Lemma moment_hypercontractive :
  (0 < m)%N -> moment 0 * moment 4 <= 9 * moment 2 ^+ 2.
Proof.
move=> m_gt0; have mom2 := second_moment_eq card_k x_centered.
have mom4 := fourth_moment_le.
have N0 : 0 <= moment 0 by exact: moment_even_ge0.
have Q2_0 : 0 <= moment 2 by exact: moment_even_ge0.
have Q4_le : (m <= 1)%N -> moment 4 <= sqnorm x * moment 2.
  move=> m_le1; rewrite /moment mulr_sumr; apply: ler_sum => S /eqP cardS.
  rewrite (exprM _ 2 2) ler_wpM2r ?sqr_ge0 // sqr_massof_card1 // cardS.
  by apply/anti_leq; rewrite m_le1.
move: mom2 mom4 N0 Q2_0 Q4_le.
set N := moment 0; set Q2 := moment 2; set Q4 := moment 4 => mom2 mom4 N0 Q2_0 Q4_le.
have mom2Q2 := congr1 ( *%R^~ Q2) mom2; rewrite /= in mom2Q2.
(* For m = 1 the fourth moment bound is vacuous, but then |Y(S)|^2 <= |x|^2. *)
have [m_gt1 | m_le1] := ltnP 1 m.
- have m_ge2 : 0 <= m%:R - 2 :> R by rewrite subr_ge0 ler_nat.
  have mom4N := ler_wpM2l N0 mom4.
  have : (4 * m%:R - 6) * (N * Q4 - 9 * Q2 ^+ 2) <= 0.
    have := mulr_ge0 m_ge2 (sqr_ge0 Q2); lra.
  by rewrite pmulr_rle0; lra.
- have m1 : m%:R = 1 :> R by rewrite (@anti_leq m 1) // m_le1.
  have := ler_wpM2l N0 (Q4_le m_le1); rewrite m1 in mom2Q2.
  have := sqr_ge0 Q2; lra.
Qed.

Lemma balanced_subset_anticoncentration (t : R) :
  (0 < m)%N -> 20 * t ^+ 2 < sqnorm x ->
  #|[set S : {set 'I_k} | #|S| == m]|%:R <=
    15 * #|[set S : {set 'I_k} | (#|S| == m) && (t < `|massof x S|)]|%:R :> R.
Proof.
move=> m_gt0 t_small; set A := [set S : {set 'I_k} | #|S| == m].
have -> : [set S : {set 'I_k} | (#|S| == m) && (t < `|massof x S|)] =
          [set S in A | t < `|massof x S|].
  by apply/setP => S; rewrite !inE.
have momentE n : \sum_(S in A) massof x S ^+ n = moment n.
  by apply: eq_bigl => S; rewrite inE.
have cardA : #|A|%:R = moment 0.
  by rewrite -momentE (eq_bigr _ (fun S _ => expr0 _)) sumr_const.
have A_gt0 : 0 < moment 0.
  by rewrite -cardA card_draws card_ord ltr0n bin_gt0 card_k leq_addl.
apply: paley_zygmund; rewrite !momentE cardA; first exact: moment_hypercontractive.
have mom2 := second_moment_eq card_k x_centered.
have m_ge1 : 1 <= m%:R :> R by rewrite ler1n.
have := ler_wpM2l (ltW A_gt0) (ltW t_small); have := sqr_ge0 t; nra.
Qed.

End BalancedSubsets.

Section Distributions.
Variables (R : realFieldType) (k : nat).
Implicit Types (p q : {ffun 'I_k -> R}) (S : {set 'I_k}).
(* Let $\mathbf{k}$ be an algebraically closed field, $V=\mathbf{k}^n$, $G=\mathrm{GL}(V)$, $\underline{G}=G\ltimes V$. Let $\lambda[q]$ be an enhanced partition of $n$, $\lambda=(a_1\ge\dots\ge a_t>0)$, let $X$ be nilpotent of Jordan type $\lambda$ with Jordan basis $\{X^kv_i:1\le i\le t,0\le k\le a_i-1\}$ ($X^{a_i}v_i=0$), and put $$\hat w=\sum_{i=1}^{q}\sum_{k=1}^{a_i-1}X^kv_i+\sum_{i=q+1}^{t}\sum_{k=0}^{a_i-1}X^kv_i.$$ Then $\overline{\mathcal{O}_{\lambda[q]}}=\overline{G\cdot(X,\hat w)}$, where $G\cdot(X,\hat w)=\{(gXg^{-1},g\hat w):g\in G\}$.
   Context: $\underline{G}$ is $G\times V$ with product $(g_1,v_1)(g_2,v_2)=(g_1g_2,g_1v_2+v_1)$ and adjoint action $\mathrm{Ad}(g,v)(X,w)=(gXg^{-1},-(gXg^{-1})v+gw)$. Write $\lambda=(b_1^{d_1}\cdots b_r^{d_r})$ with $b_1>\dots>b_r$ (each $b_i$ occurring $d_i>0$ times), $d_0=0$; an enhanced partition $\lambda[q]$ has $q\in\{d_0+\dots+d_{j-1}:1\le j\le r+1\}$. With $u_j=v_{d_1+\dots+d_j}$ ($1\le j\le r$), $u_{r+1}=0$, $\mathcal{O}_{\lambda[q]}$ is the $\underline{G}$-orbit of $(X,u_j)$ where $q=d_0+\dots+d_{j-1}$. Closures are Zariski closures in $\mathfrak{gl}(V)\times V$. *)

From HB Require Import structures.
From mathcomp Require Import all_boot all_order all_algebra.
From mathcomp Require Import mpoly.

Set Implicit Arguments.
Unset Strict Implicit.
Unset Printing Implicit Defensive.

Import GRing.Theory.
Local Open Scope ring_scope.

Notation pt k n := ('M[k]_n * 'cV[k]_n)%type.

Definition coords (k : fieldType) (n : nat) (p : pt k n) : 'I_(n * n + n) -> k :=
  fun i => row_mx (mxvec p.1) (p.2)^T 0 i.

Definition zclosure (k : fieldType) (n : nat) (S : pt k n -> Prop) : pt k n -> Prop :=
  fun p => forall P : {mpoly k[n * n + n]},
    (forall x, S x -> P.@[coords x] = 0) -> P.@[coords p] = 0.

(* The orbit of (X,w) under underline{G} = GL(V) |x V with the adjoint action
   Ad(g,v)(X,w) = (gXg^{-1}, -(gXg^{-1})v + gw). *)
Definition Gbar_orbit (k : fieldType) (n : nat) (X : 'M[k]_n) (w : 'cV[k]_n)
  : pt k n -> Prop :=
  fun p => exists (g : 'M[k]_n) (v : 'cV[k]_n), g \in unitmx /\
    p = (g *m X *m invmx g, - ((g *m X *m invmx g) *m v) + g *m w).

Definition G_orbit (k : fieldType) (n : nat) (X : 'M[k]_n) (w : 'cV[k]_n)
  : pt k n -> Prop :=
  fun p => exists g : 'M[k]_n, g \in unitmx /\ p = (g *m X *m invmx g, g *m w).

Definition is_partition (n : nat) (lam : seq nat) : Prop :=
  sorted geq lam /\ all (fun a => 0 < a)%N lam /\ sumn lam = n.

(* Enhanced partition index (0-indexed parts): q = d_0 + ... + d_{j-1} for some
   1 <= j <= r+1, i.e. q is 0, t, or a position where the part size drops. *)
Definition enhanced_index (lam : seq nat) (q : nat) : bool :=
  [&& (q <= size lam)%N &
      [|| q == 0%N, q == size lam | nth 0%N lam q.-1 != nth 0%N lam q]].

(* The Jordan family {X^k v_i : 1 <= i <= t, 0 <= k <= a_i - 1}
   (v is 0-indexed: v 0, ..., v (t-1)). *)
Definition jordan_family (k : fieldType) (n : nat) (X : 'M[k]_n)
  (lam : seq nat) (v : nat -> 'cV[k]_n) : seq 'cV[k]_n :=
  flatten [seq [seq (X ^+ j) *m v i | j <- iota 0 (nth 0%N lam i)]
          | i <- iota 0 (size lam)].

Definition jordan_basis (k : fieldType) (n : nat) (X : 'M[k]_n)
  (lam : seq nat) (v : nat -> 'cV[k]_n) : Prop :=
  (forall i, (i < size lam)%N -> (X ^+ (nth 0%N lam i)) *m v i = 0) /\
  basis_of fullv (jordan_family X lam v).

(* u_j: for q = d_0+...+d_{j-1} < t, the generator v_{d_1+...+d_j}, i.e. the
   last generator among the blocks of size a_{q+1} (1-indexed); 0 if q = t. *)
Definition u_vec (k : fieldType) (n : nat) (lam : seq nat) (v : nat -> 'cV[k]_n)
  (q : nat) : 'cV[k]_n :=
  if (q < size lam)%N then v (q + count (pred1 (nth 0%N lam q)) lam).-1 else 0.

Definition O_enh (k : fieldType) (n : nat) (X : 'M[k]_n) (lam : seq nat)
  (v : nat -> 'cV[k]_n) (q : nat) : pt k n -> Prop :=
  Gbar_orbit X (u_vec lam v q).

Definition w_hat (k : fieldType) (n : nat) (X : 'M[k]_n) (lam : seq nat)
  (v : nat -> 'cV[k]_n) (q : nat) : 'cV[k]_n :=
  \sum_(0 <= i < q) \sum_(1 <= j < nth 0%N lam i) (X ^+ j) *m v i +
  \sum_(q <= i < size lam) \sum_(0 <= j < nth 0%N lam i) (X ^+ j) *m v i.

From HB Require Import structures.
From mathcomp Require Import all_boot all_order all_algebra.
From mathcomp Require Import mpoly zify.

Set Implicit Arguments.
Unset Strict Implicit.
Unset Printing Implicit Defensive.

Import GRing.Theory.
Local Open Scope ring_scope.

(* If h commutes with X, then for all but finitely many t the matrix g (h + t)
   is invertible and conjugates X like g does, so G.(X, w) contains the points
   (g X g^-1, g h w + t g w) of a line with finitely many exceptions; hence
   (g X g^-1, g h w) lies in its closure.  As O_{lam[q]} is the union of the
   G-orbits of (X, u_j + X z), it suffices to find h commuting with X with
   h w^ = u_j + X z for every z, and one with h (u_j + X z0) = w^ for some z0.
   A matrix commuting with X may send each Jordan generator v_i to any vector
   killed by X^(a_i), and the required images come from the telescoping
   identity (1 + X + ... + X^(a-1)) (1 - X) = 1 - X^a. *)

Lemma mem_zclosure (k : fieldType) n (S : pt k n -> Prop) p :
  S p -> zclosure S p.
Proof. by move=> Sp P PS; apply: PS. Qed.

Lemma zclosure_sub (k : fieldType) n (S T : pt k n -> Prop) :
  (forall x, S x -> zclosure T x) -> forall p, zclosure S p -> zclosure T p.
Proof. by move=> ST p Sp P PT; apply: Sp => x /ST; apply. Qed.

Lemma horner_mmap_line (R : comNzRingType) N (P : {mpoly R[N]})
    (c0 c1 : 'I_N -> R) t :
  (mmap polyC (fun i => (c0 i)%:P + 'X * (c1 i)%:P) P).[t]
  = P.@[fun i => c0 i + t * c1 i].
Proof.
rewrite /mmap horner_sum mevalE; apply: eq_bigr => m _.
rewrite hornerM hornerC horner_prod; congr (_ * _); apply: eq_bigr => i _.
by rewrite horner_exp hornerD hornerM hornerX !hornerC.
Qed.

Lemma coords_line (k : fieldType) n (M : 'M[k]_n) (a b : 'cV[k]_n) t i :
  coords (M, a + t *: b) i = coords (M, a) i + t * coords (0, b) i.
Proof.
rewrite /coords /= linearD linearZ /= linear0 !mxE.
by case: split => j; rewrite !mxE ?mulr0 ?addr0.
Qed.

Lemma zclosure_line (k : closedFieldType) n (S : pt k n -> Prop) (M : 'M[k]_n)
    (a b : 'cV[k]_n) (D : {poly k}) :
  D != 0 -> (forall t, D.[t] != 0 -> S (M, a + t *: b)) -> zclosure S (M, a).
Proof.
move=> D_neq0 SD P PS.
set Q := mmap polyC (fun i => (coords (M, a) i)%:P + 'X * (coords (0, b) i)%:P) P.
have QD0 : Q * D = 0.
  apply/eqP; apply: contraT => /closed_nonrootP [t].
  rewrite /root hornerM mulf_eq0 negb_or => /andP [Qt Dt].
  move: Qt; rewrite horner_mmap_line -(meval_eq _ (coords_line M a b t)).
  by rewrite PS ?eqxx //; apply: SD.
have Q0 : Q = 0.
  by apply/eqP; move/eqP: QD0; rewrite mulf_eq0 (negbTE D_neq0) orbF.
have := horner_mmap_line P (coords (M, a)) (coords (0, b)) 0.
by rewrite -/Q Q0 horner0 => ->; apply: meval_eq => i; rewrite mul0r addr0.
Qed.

****

Task:
Set the material down exactly as written, starting at its first line. The line containing "have [m_gt1 | m_le1] := ltnP 1 m." is the last one to include.

Your solution:
Lemma moment_hypercontractive :
  (0 < m)%N -> moment 0 * moment 4 <= 9 * moment 2 ^+ 2.
Proof.
move=> m_gt0; have mom2 := second_moment_eq card_k x_centered.
have mom4 := fourth_moment_le.
have N0 : 0 <= moment 0 by exact: moment_even_ge0.
have Q2_0 : 0 <= moment 2 by exact: moment_even_ge0.
have Q4_le : (m <= 1)%N -> moment 4 <= sqnorm x * moment 2.
  move=> m_le1; rewrite /moment mulr_sumr; apply: ler_sum => S /eqP cardS.
  rewrite (exprM _ 2 2) ler_wpM2r ?sqr_ge0 // sqr_massof_card1 // cardS.
  by apply/anti_leq; rewrite m_le1.
move: mom2 mom4 N0 Q2_0 Q4_le.
set N := moment 0; set Q2 := moment 2; set Q4 := moment 4 => mom2 mom4 N0 Q2_0 Q4_le.
have mom2Q2 := congr1 ( *%R^~ Q2) mom2; rewrite /= in mom2Q2.
(* For m = 1 the fourth moment bound is vacuous, but then |Y(S)|^2 <= |x|^2. *)
have [m_gt1 | m_le1] := ltnP 1 m.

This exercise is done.